## Readme
### FlightRadar24 ETL Pipeline
Le présent projet implémente un pipeline ETL pour traiter les données de l'API FlightRadar24, qui répertorie l'ensemble des vols aériens, aéroports, et compagnies aériennes mondiales.

### Structure du Projet
Le projet contient :

Jupyter Notebook : Il sert de point de départ pour explorer et tester le pipeline ETL étape par étape. Il offre également une documentation détaillée des différentes étapes et méthodes utilisées.

Code Modulaire : Le pipeline ETL a été conçu de manière modulaire, divisé en plusieurs fichiers pour une meilleure organisation et lisibilité. Chaque fichier se concentre sur une tâche spécifique, assurant ainsi la séparation des préoccupations et une maintenance plus aisée.


### Architecture idéal
Exemple d'architecture idéal 

##### API FlightRadar24: 
Source principale des données sur le trafic aérien en temps réel.
##### Apache Airflow: 
Orchestre et planifie l'exécution du pipeline ETL, avec une interface visuelle pour le suivi.
##### Apache Spark: 
Assure le traitement distribué des données, permettant nettoyage, transformation et préparation pour le stockage.
##### Amazon S3/HDFS: 
Stockage final des données traitées, offrant rapidité, évolutivité et fiabilité.
##### ELK Stack: 
Centralise et visualise les journaux pour le monitoring en temps réel, garantissant une réponse rapide aux problèmes.
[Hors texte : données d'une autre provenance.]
Lemma sin_scale_le (k x : R) : 1 <= k -> 0 <= x -> k * x <= PI -> sin (k * x) <= k * sin x.
Proof.
  intros Hk Hx Hkx.
  enough (k * sin 0 - sin (k * 0) <= k * sin x - sin (k * x))
    by (rewrite Rmult_0_r, sin_0 in *; lra).
  apply (le_of_nonneg_derive (fun t => k * sin t - sin (k * t))
           (fun t => k * cos t - k * cos (k * t))); [lra| |].
  - intros t Ht. auto_derive; [auto | ring].
  - intros t Ht. assert (cos (k * t) <= cos t) by (apply cos_decr_1; nra). nra.
Qed.

(** The ratio sin (k t) / sin t decreases on (0, pi / (2k)]: in product form,
    sin c sin (k e) <= sin (k c) sin e for 0 <= c <= e. *)
Lemma sin_scale_ratio_antitone (k c e : R) : 1 <= k -> 0 <= c -> c <= e -> k * e <= PI / 2 ->
  sin c * sin (k * e) <= sin (k * c) * sin e.
Proof.
  intros Hk Hc Hce Hke. assert (HPI := PI_RGT_0).
  destruct (Req_dec c 0) as [->|Hc0].
  { rewrite Rmult_0_r, sin_0, !Rmult_0_l. lra. }
  (* The numerator of the derivative of sin (k t) / sin t has a sign. *)
  assert (Hnum : forall t, 0 <= t -> k * t <= PI ->
            0 <= sin (k * t) * cos t - k * cos (k * t) * sin t).
  { intros t Ht Hkt.
    enough (sin (k * 0) * cos 0 - k * cos (k * 0) * sin 0 <=
            sin (k * t) * cos t - k * cos (k * t) * sin t)
      by (rewrite Rmult_0_r, sin_0 in *; lra).
    apply (le_of_nonneg_derive (fun u => sin (k * u) * cos u - k * cos (k * u) * sin u)
             (fun u => (k * k - 1) * sin (k * u) * sin u)); [lra| |].
    - intros u Hu. auto_derive; [auto | ring].
    - intros u Hu.
      assert (0 <= sin (k * u)) by (apply sin_ge_0; nra).
      assert (0 <= sin u) by (apply sin_ge_0; nra).
      apply Rmult_le_pos; [apply Rmult_le_pos|]; nra. }
  assert (Hs : forall t, c <= t <= e -> 0 < sin t) by (intros t Ht; apply sin_gt_0; nra).
  assert (Hq : - (sin (k * c) / sin c) <= - (sin (k * e) / sin e)).
  { apply (le_of_nonneg_derive (fun t => - (sin (k * t) / sin t))
      (fun t => (sin (k * t) * cos t - k * cos (k * t) * sin t) / (sin t * sin t))); [lra| |].
    - intros t Ht. assert (0 < sin t) by (apply Hs; lra).
      auto_derive; [lra | field; lra].
    - intros t Ht. assert (0 < sin t) by (apply Hs; lra).
      apply Rdiv_le_0_compat; [apply Hnum|]; nra. }
  assert (0 < sin c) by (apply Hs; lra). assert (0 < sin e) by (apply Hs; lra).
  apply (Rmult_le_compat_r (sin c * sin e)) in Hq; [|nra].
  field_simplify in Hq; lra.
Qed.

Lemma sinh_opp (x : R) : sinh (- x) = - sinh x.
Proof. unfold sinh. rewrite Ropp_involutive. field. Qed.

Lemma sinh_pos (x : R) : 0 < x -> 0 < sinh x.
Proof. intros. rewrite <- sinh_0. apply sinh_lt. lra. Qed.

Lemma sinh_nonneg (x : R) : 0 <= x -> 0 <= sinh x.
Proof. intros [Hx| <-]; [left; apply sinh_pos; lra | rewrite sinh_0; lra]. Qed.

Lemma sinh_eq_0 (x : R) : sinh x = 0 -> x = 0.
Proof.
  intros H. destruct (Rtotal_order x 0) as [Hx|[Hx|Hx]]; auto.
  - assert (sinh x < sinh 0) by (apply sinh_lt; lra). rewrite sinh_0 in *. lra.
  - assert (0 < sinh x) by (apply sinh_pos; lra). lra.
Qed.

Lemma cosh_le (x y : R) : 0 <= x -> x <= y -> cosh x <= cosh y.
Proof.
  intros Hx Hxy. apply (le_of_nonneg_derive cosh sinh); [lra| |].
  - intros t _. unfold cosh, sinh. auto_derive; [auto | field].
  - intros t Ht. apply sinh_nonneg. lra.
Qed.

(** k sinh x <= sinh (k x) for k >= 1 and x >= 0 (convexity of sinh on [0, +oo)). *)
Lemma sinh_scale_ge (k x : R) : 1 <= k -> 0 <= x -> k * sinh x <= sinh (k * x).
Proof.
  intros Hk Hx.
  enough (sinh (k * 0) - k * sinh 0 <= sinh (k * x) - k * sinh x)
    by (rewrite Rmult_0_r, sinh_0 in *; lra).
  apply (le_of_nonneg_derive (fun t => sinh (k * t) - k * sinh t)
           (fun t => k * cosh (k * t) - k * cosh t)); [lra| |].
  - intros t Ht. unfold sinh, cosh. auto_derive; [auto | field].
  - intros t Ht. assert (cosh t <= cosh (k * t)) by (apply cosh_le; nra). nra.
Qed.

Lemma sinh_quotient_mono (x y : R) : 0 < x -> x <= y ->
  x ^ 2 / sinh x ^ 2 + x ^ 2 / 3 <= y ^ 2 / sinh y ^ 2 + y ^ 2 / 3.
Proof.
  intros Hx Hxy.
  assert (Hpsi : forall t, 0 <= t -> 0 <= sinh t * cosh t - t).
  { intros t Ht.
    enough (sinh 0 * cosh 0 - 0 <= sinh t * cosh t - t) by (rewrite sinh_0 in *; lra).
    apply (le_of_nonneg_derive (fun u => sinh u * cosh u - u) (fun u => 2 * (sinh u * sinh u)));
      [lra| |intros; nra].
    intros u _. unfold sinh, cosh. auto_derive; [auto|].
    assert (exp u * exp (- u) = 1) by (rewrite <- exp_plus, Rplus_opp_r; apply exp_0).
    field_simplify. nra. }
  assert (Hphi : forall t, 0 <= t -> 0 <= sinh t + sinh t ^ 3 / 3 - t * cosh t).
  { intros t Ht.
    enough (sinh 0 + sinh 0 ^ 3 / 3 - 0 * cosh 0 <= sinh t + sinh t ^ 3 / 3 - t * cosh t)
      by (rewrite sinh_0 in *; lra).
    apply (le_of_nonneg_derive (fun u => sinh u + sinh u ^ 3 / 3 - u * cosh u)
             (fun u => sinh u * (sinh u * cosh u - u))); [lra| |].
    - intros u _. unfold sinh, cosh. auto_derive; [auto | field].
    - intros u Hu. apply Rmult_le_pos; [apply sinh_nonneg | apply Hpsi]; lra. }
  apply (le_of_nonneg_derive (fun t => t ^ 2 / sinh t ^ 2 + t ^ 2 / 3)
     (fun t => (2 * t / sinh t ^ 3) * (sinh t + sinh t ^ 3 / 3 - t * cosh t))); [lra| |].
  - intros t Ht. assert (0 < sinh t) by (apply sinh_pos; lra).
    unfold sinh, cosh in *. auto_derive; [intro; nra | field; lra].
  - intros t Ht. assert (0 < sinh t) by (apply sinh_pos; lra).
    apply Rmult_le_pos; [apply Rdiv_le_0_compat; [lra | apply pow_lt; lra] | apply Hphi; lra].
Qed.

Lemma sin_ge_tcos (x : R) : 0 <= x -> x <= PI -> 0 <= sin x - x * cos x - sin x ^ 3 / 3.
Proof.
  intros Hx HxP.
  assert (Hpsi : forall t, 0 <= t -> 0 <= t - sin t * cos t).
  { intros t Ht.
    enough (0 - sin 0 * cos 0 <= t - sin t * cos t) by (rewrite sin_0 in *; lra).
    apply (le_of_nonneg_derive (fun u => u - sin u * cos u) (fun u => 2 * (sin u * sin u)));
      [lra| |intros; nra].
    intros u _. auto_derive; [auto|]. assert (H1 := sin2_cos2 u). unfold Rsqr in H1. nra. }
  enough (sin 0 - 0 * cos 0 - sin 0 ^ 3 / 3 <= sin x - x * cos x - sin x ^ 3 / 3)
    by (rewrite sin_0 in *; lra).
  apply (le_of_nonneg_derive (fun t => sin t - t * cos t - sin t ^ 3 / 3)
           (fun t => sin t * (t - sin t * cos t))); [lra| |].
  - intros t _. auto_derive; [auto | field].
  - intros t Ht. apply Rmult_le_pos; [apply sin_ge_0 | apply Hpsi]; lra.
Qed.

Lemma sin_quotient_mono (x y : R) : 0 < x -> x <= y -> y < PI ->
  x ^ 2 / sin x ^ 2 - x ^ 2 / 3 <= y ^ 2 / sin y ^ 2 - y ^ 2 / 3.
Proof.
  intros Hx Hxy Hy.
  apply (le_of_nonneg_derive (fun t => t ^ 2 / sin t ^ 2 - t ^ 2 / 3)
     (fun t => (2 * t / sin t ^ 3) * (sin t - t * cos t - sin t ^ 3 / 3))); [lra| |].
  - intros t Ht. assert (0 < sin t) by (apply sin_gt_0; lra).
    auto_derive; [intro; nra | field; lra].
  - intros t Ht. assert (0 < sin t) by (apply sin_gt_0; lra).
    apply Rmult_le_pos; [apply Rdiv_le_0_compat; [lra | apply pow_lt; lra]|].
    apply sin_ge_tcos; lra.
Qed.

(** The two monotonicity facts combine, the +-1/3 terms cancelling:
    1/sinh^2 x + 1/sin^2 y <= k^2/sinh^2 (k x) + k^2/sin^2 (k y). *)
Lemma inv_sq_sum_scale (k x y : R) : 1 <= k -> 0 < x -> 0 < y -> k * y < PI ->
  / sinh x ^ 2 + / sin y ^ 2 <= k * k / sinh (k * x) ^ 2 + k * k / sin (k * y) ^ 2.
Proof.
  intros Hk Hx Hy Hky.
  assert (0 < sinh x) by (apply sinh_pos; lra).
  assert (0 < sinh (k * x)) by (apply sinh_pos; nra).
  assert (0 < sin y) by (apply sin_gt_0; nra).
  assert (0 < sin (k * y)) by (apply sin_gt_0; nra).
  assert (HJ := sinh_quotient_mono x (k * x) Hx ltac:(nra)).
  assert (HI := sin_quotient_mono y (k * y) Hy ltac:(nra) Hky).
  assert (J : / sinh x ^ 2 + / 3 <= k * k / sinh (k * x) ^ 2 + k * k / 3).
  { apply (Rmult_le_reg_l (x ^ 2)); [nra|].
    replace (x ^ 2 * (/ sinh x ^ 2 + / 3)) with (x ^ 2 / sinh x ^ 2 + x ^ 2 / 3) by (field; lra).
    replace (x ^ 2 * (k * k / sinh (k * x) ^ 2 + k * k / 3))
      with ((k * x) ^ 2 / sinh (k * x) ^ 2 + (k * x) ^ 2 / 3) by (field; lra).
    exact HJ. }
  assert (I : / sin y ^ 2 - / 3 <= k * k / sin (k * y) ^ 2 - k * k / 3).
  { apply (Rmult_le_reg_l (y ^ 2)); [nra|].
    replace (y ^ 2 * (/ sin y ^ 2 - / 3)) with (y ^ 2 / sin y ^ 2 - y ^ 2 / 3) by (field; lra).
    replace (y ^ 2 * (k * k / sin (k * y) ^ 2 - k * k / 3))
      with ((k * y) ^ 2 / sin (k * y) ^ 2 - (k * y) ^ 2 / 3) by (field; lra).
    exact HI. }
  lra.
Qed.

(** Read p, P as
    sinh^2 x, sinh^2 (k x) and s_i, s_i' as sin^2 of angles before and after
    multiplication by k; they give the lower and the upper bound of the theorem. *)
Lemma cross_lower (k p P s1 s2 s1' s2' : R) :
  0 <= p -> k * k * p <= P -> 0 <= s1 -> s1 <= s2 ->
  s2' - s1' <= k * k * (s2 - s1) -> s1 * s2' <= s1' * s2 ->
  (p + s1) * (P + s2') <= (P + s1') * (p + s2).
Proof.
  intros.
  assert (p * (s2' - s1') <= p * (k * k * (s2 - s1))) by (apply Rmult_le_compat_l; lra).
  assert (k * k * p * (s2 - s1) <= P * (s2 - s1)) by (apply Rmult_le_compat_r; lra).
  nra.
Qed.

(** The upper bound is the product of three ratio estimates:
    (P+s1')/(p+s1) <= P/p,  (p+s2)/(P+s2') <= (p+sa)/(P+sa')  and
    P/p * (p+sa)/(P+sa') <= k^2 sa/sa'  (the last one is hypothesis [Hend]). *)
Lemma cross_upper (k p P s1 s2 s1' s2' sa sa' : R) :
  0 <= p -> k * k * p <= P -> 0 <= s1 -> s1 <= s2 -> s2 <= sa ->
  0 <= s1' -> 0 <= s2' -> 0 < sa' ->
  s1' <= k * k * s1 -> s2 * sa' <= s2' * sa -> sa' - s2' <= k * k * (sa - s2) ->
  (p = 0 -> P = 0) ->
  (0 < p -> P * (p + sa) * sa' <= k * k * sa * p * (P + sa')) ->
  (P + s1') * (p + s2) * sa' <= k * k * sa * (p + s1) * (P + s2').
Proof.
  intros Hp HP Hs1 Hs12 Hs2a Hs1' Hs2' Hsa' Hsc1 Hratio Hgap HP0 Hend.
  assert (HPpos : 0 <= P) by (assert (0 <= k * k * p) by (apply Rmult_le_pos; nra); lra).
  destruct (Req_dec p 0) as [Hp0|Hp0].
  { rewrite HP0 by auto. subst p.
    assert (s1' * (s2 * sa') <= (k * k * s1) * (s2' * sa)) by (apply Rmult_le_compat; nra).
    nra. }
  specialize (Hend ltac:(lra)).
  assert (H1 : (P + s1') * p <= P * (p + s1)).
  { assert (s1' * p <= k * k * s1 * p) by (apply Rmult_le_compat_r; lra).
    assert (k * k * p * s1 <= P * s1) by (apply Rmult_le_compat_r; lra). nra. }
  assert (H2 : (p + s2) * (P + sa') <= (P + s2') * (p + sa)) by (apply (cross_lower k); nra).
  assert (H3 : (P + s1') * p * ((p + s2) * (P + sa')) <= P * (p + s1) * ((P + s2') * (p + sa)))
    by (apply Rmult_le_compat; nra).
  assert (H4 : (p + s1) * (P + s2') * (P * (p + sa) * sa') <=
               (p + s1) * (P + s2') * (k * k * sa * p * (P + sa')))
    by (apply Rmult_le_compat_l; nra).
  assert (H5 : ((P + s1') * (p + s2) * sa') * (p * (P + sa')) <=
               (k * k * sa * (p + s1) * (P + s2')) * (p * (P + sa'))).
  { apply (Rmult_le_compat_r sa') in H3; nra. }
  apply Rmult_le_reg_r in H5; [exact H5 | nra].
Qed.

Lemma sin_sq_diff (X Y : R) : sin X ^ 2 - sin Y ^ 2 = sin (X + Y) * sin (X - Y).
Proof.
  rewrite sin_plus, sin_minus. assert (H1 := sin2_cos2 X). assert (H2 := sin2_cos2 Y).
  unfold Rsqr in *. nra.
Qed.

Lemma sin_sq_scale_le (k c : R) : 1 <= k -> 0 <= c -> k * c <= PI ->
  sin (k * c) ^ 2 <= k * k * sin c ^ 2.
Proof.
  intros Hk Hc Hkc. assert (H := sin_scale_le k c Hk Hc Hkc).
  assert (0 <= sin (k * c)) by (apply sin_ge_0; nra).
  assert (sin (k * c) * sin (k * c) <= (k * sin c) * (k * sin c)) by (apply Rmult_le_compat; lra).
  nra.
Qed.

Lemma sin_sq_gap_scale_le (k c e : R) : 1 <= k -> 0 <= c -> c <= e -> k * e <= PI / 2 ->
  sin (k * e) ^ 2 - sin (k * c) ^ 2 <= k * k * (sin e ^ 2 - sin c ^ 2).
Proof.
  intros Hk Hc Hce Hke. assert (HPI := PI_RGT_0).
  rewrite !sin_sq_diff.
  replace (k * e + k * c) with (k * (e + c)) by ring.
  replace (k * e - k * c) with (k * (e - c)) by ring.
  assert (H1 := sin_scale_le k (e + c) Hk ltac:(lra) ltac:(nra)).
  assert (H2 := sin_scale_le k (e - c) Hk ltac:(lra) ltac:(nra)).
  assert (0 <= sin (k * (e + c))) by (apply sin_ge_0; nra).
  assert (0 <= sin (k * (e - c))) by (apply sin_ge_0; nra).
  assert (sin (k * (e + c)) * sin (k * (e - c)) <= (k * sin (e + c)) * (k * sin (e - c)))
    by (apply Rmult_le_compat; lra).
  nra.
Qed.

Lemma sin_sq_ratio_antitone (k c e : R) : 1 <= k -> 0 <= c -> c <= e -> k * e <= PI / 2 ->
  sin c ^ 2 * sin (k * e) ^ 2 <= sin (k * c) ^ 2 * sin e ^ 2.
Proof.
  intros Hk Hc Hce Hke. assert (HPI := PI_RGT_0).
  assert (H := sin_scale_ratio_antitone k c e Hk Hc Hce Hke).
  assert (0 <= sin c) by (apply sin_ge_0; nra).
  assert (0 <= sin (k * e)) by (apply sin_ge_0; nra).
  assert ((sin c * sin (k * e)) * (sin c * sin (k * e)) <=
          (sin (k * c) * sin e) * (sin (k * c) * sin e))
    by (apply Rmult_le_compat; nra).
  nra.
Qed.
![Schema.drawio.png](attachment:Schema.drawio.png)

In [None]:
%pip install FlightRadarAPI
%pip install pyspark
%pip install findspark
%pip install tqdm
%pip install pycountry_convert
%pip install flydenity

## Installation and Setup

In [1]:
import os
os.environ["JAVA_HOME"] = "C:\Java"
os.environ["SPARK_HOME"] = "C:\Spark"

In [2]:
import findspark
findspark.init()

In [43]:
from pyspark.sql import SparkSession
from FlightRadar24.api import FlightRadar24API
from datetime import datetime
import logging
from pyspark.sql import functions as F
from pyspark.sql.types import StructType, StructField, StringType, DoubleType, IntegerType
from pyspark.sql.functions import col
from tqdm import tqdm

from pyspark.sql.functions import udf
from pyspark.sql.types import StringType
from pycountry_convert import country_alpha2_to_continent_code, country_name_to_country_alpha2

from flydenity import Parser
parser = Parser()

from pyspark.sql.window import Window

In [4]:
# Initialiser session Spark
spark = SparkSession.builder \
    .appName("FlightRadar24 ETL Pipeline") \
    .master("local[*]") \
    .getOrCreate()
fr_api = FlightRadar24API()

In [5]:
spark

## Data Extraction

In [6]:
# Extraction des données
flights = fr_api.get_flights()
airports = fr_api.get_airports()
airlines = fr_api.get_airlines()

In [29]:
schema = StructType([
    StructField("latitude", StringType(), nullable=True),
    StructField("longitude", StringType(), nullable=True),
    StructField("altitude", StringType(), nullable=True),
    StructField("name", StringType(), nullable=True),
    StructField("icao", StringType(), nullable=True),
    StructField("iata", StringType(), nullable=True),
    StructField("country", StringType(), nullable=True)
])

In [7]:
flights_df = spark.createDataFrame(flights)
airports_df = spark.createDataFrame(airports, schema=schema)
airlines_df = spark.createDataFrame(airlines)

In [66]:
def fetch_flight_details(flights, max_retries=5, base_delay=2):
    flights_detailed = []
    flights_without_details = []   # Liste séparée pour les vols sans détails
    
    # Envelopper la liste des vols avec tqdm pour une barre de progression
    for flight in tqdm(flights, desc="Fetching flight details", unit="flight"):
        retries = 0
        fetched = False  # Indicateur permettant de vérifier si les détails ont été récupérés
        while retries < max_retries:
            try:
                flight_details = fr_api.get_flight_details(flight)
                flight.set_flight_details(flight_details)  
                flights_detailed.append(flight)  
                fetched = True
                break  
            except (CloudflareError, ConnectionError):
                retries += 1
                sleep_time = base_delay ** retries  # Exponential backoff
                time.sleep(sleep_time)
        
         # Si nous atteignons le nombre maximum de tentatives sans obtenir de détails, nous ajoutons le vol à la liste flights_without_details.
        if not fetched:
            flights_without_details.append(flight)
            
    return flights_detailed, flights_without_details

In [None]:
flights_detailed_optimized, flights_missing_details = fetch_flight_details(flights)

In [148]:
# Convertir les objets de vol en dictionnaires
flights_as_dicts = [flight.__dict__ for flight in flights_detailed_optimized]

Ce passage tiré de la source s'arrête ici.